Телефон зазвонил в третий раз.
- Извините, - раздалось в трубке, - почему вы бросаете трубку?
- Если ты и дальше будешь себя называть Назымом Хикметом, я снова бр’ошу тр’убку! - Питерские дамы, прошедшие блокаду и эвакуацию, умели за себя постоять и перед маршалами, и перед шпаной.
- Я действительно Назым Хикмет, - сказал человек в трубке.
- Хватит вгать! Если ты действительно Хикмет, ты должен знать по-фр’анцузски!
- Я знаю по-французски, - сказал совершенно растерявшийся человек. В Советском Союзе с ним еще никто так не разговаривал. Вот уже десять лет он пользовался нашим искренним гостеприимством и неподдельной любовью, сочувствием. Книги его стихов в многочисленных прекрасных переводах издавались огромными тиражами, его пьесы "Легенда о любви", "Чудак", "А был ли Иван Иваныч?", а в особенности "Дамоклов меч" были украшением репертуара русских театров как в столице, так и в провинции. (В "Дамокловом мече" Театра сатиры блеснул и навсегда запомнился неподражаемый Папанов!) И вот на тебе, может быть, впервые после турецкой тюрьмы с поэтом разговаривали на "ты" и так непримиримо.
- Хогошо, - отступила на полшага Ксения Николаевна, не лыком шитая и решившая вывести на чистую воду настырного обманщика. - Я хочу послушать, как ты знаешь по-фр’анцузски. Давай! Я слушаю.
- Un, deux, trois, quatre… - В трубке звучал неуверенный голос человека, не представлявшего себе, до какой цифры надо считать, чтобы убедить непреклонную даму.
- Cing! Six! Sept!.. - перебила Ксения Николаевна. - Знаешь, что я тебе скажу, дор’огой Хикмет, у нас до четыгех любой дур’ак по-фр’анцузски считать умеет. А ты по-английски знаешь?
- Знаю, - сказал знаменитый писатель.
- Гуд бай!
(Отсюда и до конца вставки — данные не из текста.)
Lemma b_unfold r n : (0 < n)%nat -> b r n =
  if Nat.even n
  then (if Rle_dec r (1/2) then false else b (2*r-1) (Nat.div2 n))
  else (if Rle_dec (1/2) r then true else b (2*r) (Nat.div2 n)).
Proof.
  intros Hn. unfold b. destruct n as [|m]; [lia|].
  change (bk (S (S m)) r (S m)) with
    (match S m with O => if Req_EM_T r 1 then true else false | _ =>
       if Nat.even (S m)
       then (if Rle_dec r (1/2) then false else bk (S m) (2*r-1) (Nat.div2 (S m)))
       else (if Rle_dec (1/2) r then true else bk (S m) (2*r) (Nat.div2 (S m))) end).
  cbv iota beta.
  assert (H : (Nat.div2 (S m) < S m)%nat) by (apply Nat.lt_div2; lia).
  destruct (Nat.even (S m)); destruct (Rle_dec _ _); try reflexivity;
  apply bk_fuel; lia.
Qed.

Lemma b_zero n : b 0 n = false.
Proof.
  induction n as [n IH] using (well_founded_induction lt_wf).
  destruct n as [|m].
  - unfold b; simpl. destruct (Req_EM_T 0 1); [lra|reflexivity].
  - rewrite b_unfold by lia.
    destruct (Nat.even (S m)); destruct (Rle_dec _ _); try lra; try reflexivity.
    replace (2*0) with 0 by lra. apply IH. apply Nat.lt_div2; lia.
Qed.

Lemma b_one n : b 1 n = true.
Proof.
  induction n as [n IH] using (well_founded_induction lt_wf).
  destruct n as [|m].
  - unfold b; simpl. destruct (Req_EM_T 1 1); [reflexivity|lra].
  - rewrite b_unfold by lia.
    destruct (Nat.even (S m)); destruct (Rle_dec _ _); try lra; try reflexivity.
    replace (2*1-1) with 1 by lra. apply IH. apply Nat.lt_div2; lia.
Qed.
Lemma spread_pseudotrajectory l h :
  dist (spread x (lmul l h)) (act_letter l (spread x h)) < d0.
Proof.
  destruct (lmul_cases l h) as [E|E].
  - rewrite E. apply spread_step.
  - rewrite E at 2. pose proof (proj2 (spread_step (linv l) (lmul l h))) as H.
    rewrite linv_involutive in H. exact H.
Qed.

End ForwardShadowing.

Lemma spread_wzpow w (Hw : cyclically_reduced w) x j : spread w x (wzpow w j) = x j.
Proof. unfold spread. rewrite winding_wzpow by exact Hw. apply act_base_point. Qed.


Lemma cyclic_forward_shadowing w : cyclically_reduced w -> valid k w -> reduced w ->
  action_shadowing dist Phi -> forward_shadowing dist (act_word w) (act_word (winv w)).
Proof.
  intros Hw Hv Hr Hsh eps He.
  destruct (Hsh eps He) as [d0 [Hd0 Hshadow]].
  destruct (unif_continuous_act_letter (hd_inv w) d0 Hd0) as [d2 [Hd2 Hu]].
  exists (Rmin d0 d2). split; [apply Rmin_pos; assumption|]. intros x Hx.
  assert (Hfwd : forall j, dist (x j) (act_word w (x (j - 1)%Z)) < Rmin d0 d2).
  { intro j. specialize (Hx (j - 1)%Z). replace (j - 1 + 1)%Z with j in Hx by lia. exact Hx. }
  destruct (Hshadow (fun g => spread w x (fg_word g))) as [z Hz].
  { apply pseudotrajectory_of_words. intros l h. apply (spread_pseudotrajectory w Hw).
    - intro j. pose proof (Hfwd j). pose proof (Rmin_l d0 d2). lra.
    - intro j. apply Hu. rewrite dist_sym. pose proof (Hfwd j). pose proof (Rmin_r d0 d2). lra. }
  exists z. intro j.
  specialize (Hz (mkFG (wzpow w j) (valid_wzpow w k j Hv) (reduced_wzpow w Hw j Hr))).
  rewrite Phi_word in Hz. simpl in Hz. rewrite spread_wzpow, act_word_wzpow in Hz by exact Hw.
  exact Hz.
Qed.

Lemma forward_shadowing_ext (f g f' g' : Omega -> Omega) :
  (forall x, f x = f' x) -> (forall x, g x = g' x) ->
  forward_shadowing dist f g -> forward_shadowing dist f' g'.
Proof.
  intros Hf Hg Hs eps He. destruct (Hs eps He) as [d [Hd Hx]].
  exists d. split; [exact Hd|]. intros x Hpt.
  destruct (Hx x) as [z Hz]; [intro j; rewrite Hf; apply Hpt|].
  exists z. intro j. rewrite <- (zpow_ext f g f' g' Hf Hg). apply Hz.
Qed.

(** Part (2): shadowing of the action forces shadowing of every [f_g], [g <> e]:
    [f_g] is conjugate to the action of a cyclically reduced word. *)
Lemma shadowing_of_elements g : g <> fg_e k -> action_shadowing dist Phi ->
  hom_shadowing dist (Phi g).
Proof.
  intros Hg Hsh.
  destruct (fg_conjugate_decomposition g Hg) as [u [w [Eg [Hc [Hvu [Hvw Hrw]]]]]].
  exists (act_word (winv (fg_word g))). split.
  { split; intro x; rewrite Phi_word; [apply act_word_winv_l|apply act_word_winv_r]. }
  apply forward_shadowing_hom.
  apply (forward_shadowing_ext
    (fun y => act_word u (act_word w (act_word (winv u) y)))
    (fun y => act_word u (act_word (winv w) (act_word (winv u) y)))).
  - intro x. rewrite Phi_word, Eg, !act_word_app. reflexivity.
  - intro x. rewrite Eg, winv_conj, !act_word_app. reflexivity.
  - apply forward_shadowing_conj; auto using act_word_inverse_pair, unif_continuous_act_word.
    apply cyclic_forward_shadowing; assumption.
Qed.

(** An orbit coding of [f_g] is a family of reduced words [h j]
    acting as the iterates [f_g^j] and ending (when non-empty) with one of
    two fixed letters; this lets us append letters to them freely. *)
Definition orbit_coding (g : FG k) (finv : Omega -> Omega) (L1 L2 : letter)
  (h : Z -> list letter) : Prop :=
  forall j, valid k (h j) /\ reduced (h j) /\
    (h j = [] \/ last (h j) dflt = L1 \/ last (h j) dflt = L2) /\
    (forall y, act_word (h j) y = zpow (Phi g) finv j y).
Понял? - И трубка полетела на аппарат.
Мы застали Ксению Николаевну в возбужденном, приподнятом и отчасти боевом настроении.
- Звонит какой-то дур’ак, - поспешила поделиться с нами своей победой взволнованная женщина, - называет себя Назымом Хикметом, считая, что я дур’очка…
- Ксюша, а вообще-то Хикмет в Ленинграде, - сказала все знающая про писательский мир Ирина Николаевна, - он вчера прилетел из Дюшамбе, там у него была премьера.
- Пр’ивет! - У Ксении Николаевны округлились глаза. - Он что, мог сам позвонить на студию?
- Мог.
- Какого чегта его к нам пгинесло?! Что ему, дома не сидится? Агрессивный тон, увы, совершенно не соответствовал опрокинутому выражению лица.
- Дома он, Ксюша, как раз и насиделся, - усмехнулся Дима Иванеев, - целых семнадцать лет.
- Если это был он, меня завтр’а пгосто выгонят… Откуда я знала, что это он? Я думала, это Хейли…
- А что ты ему сказала?
- Много сказала! Как р’аз на увольнение по статье, без выходного пособия. Дугаком назвала. Доигр’ались!
Через два дня после личных телефонных переговоров с директором студии Назым Хикмет Ран появился на "Ленфильме".
Легендарный человек был интересен всем, кроме Ксении Николаевны, разумеется.
По ходу беседы с директором элегантный гость как бы между прочим поинтересовался, кто снимет трубку, если позвонить в сценарный отдел.
- Вы будете иметь дело с главным редактором, - не понял вопроса директор.
- Да, но у него есть секретарь?
- Разумеется, старый опытный работник.
- Я хотел бы познакомиться…
Можно ли отказать такому гостю в таком пустяке?
Как только в кабинет директора вошла приглашенная Ксения Николаевна, Назым Хикмет встал, чем вынудил подняться и Илью Николаевича.
Ни Ксюша, ни Хикмет и виду не подали, что имели случай познакомиться.
- Я надеюсь сотрудничать с вашей студией, - сказал турецкий писатель.
- Мы будем очень р’ады, - сказала Ксения Николаевна.
Наверное, именно это и хотел услышать гость, он поблагодарил даму кивком красивой седой головы и улыбнулся одними усами.
Мы с нетерпением и страхом ждали возвращения Ксюши из директорского кабинета.
Мы даже боялись что-нибудь предполагать, и так все было ясно.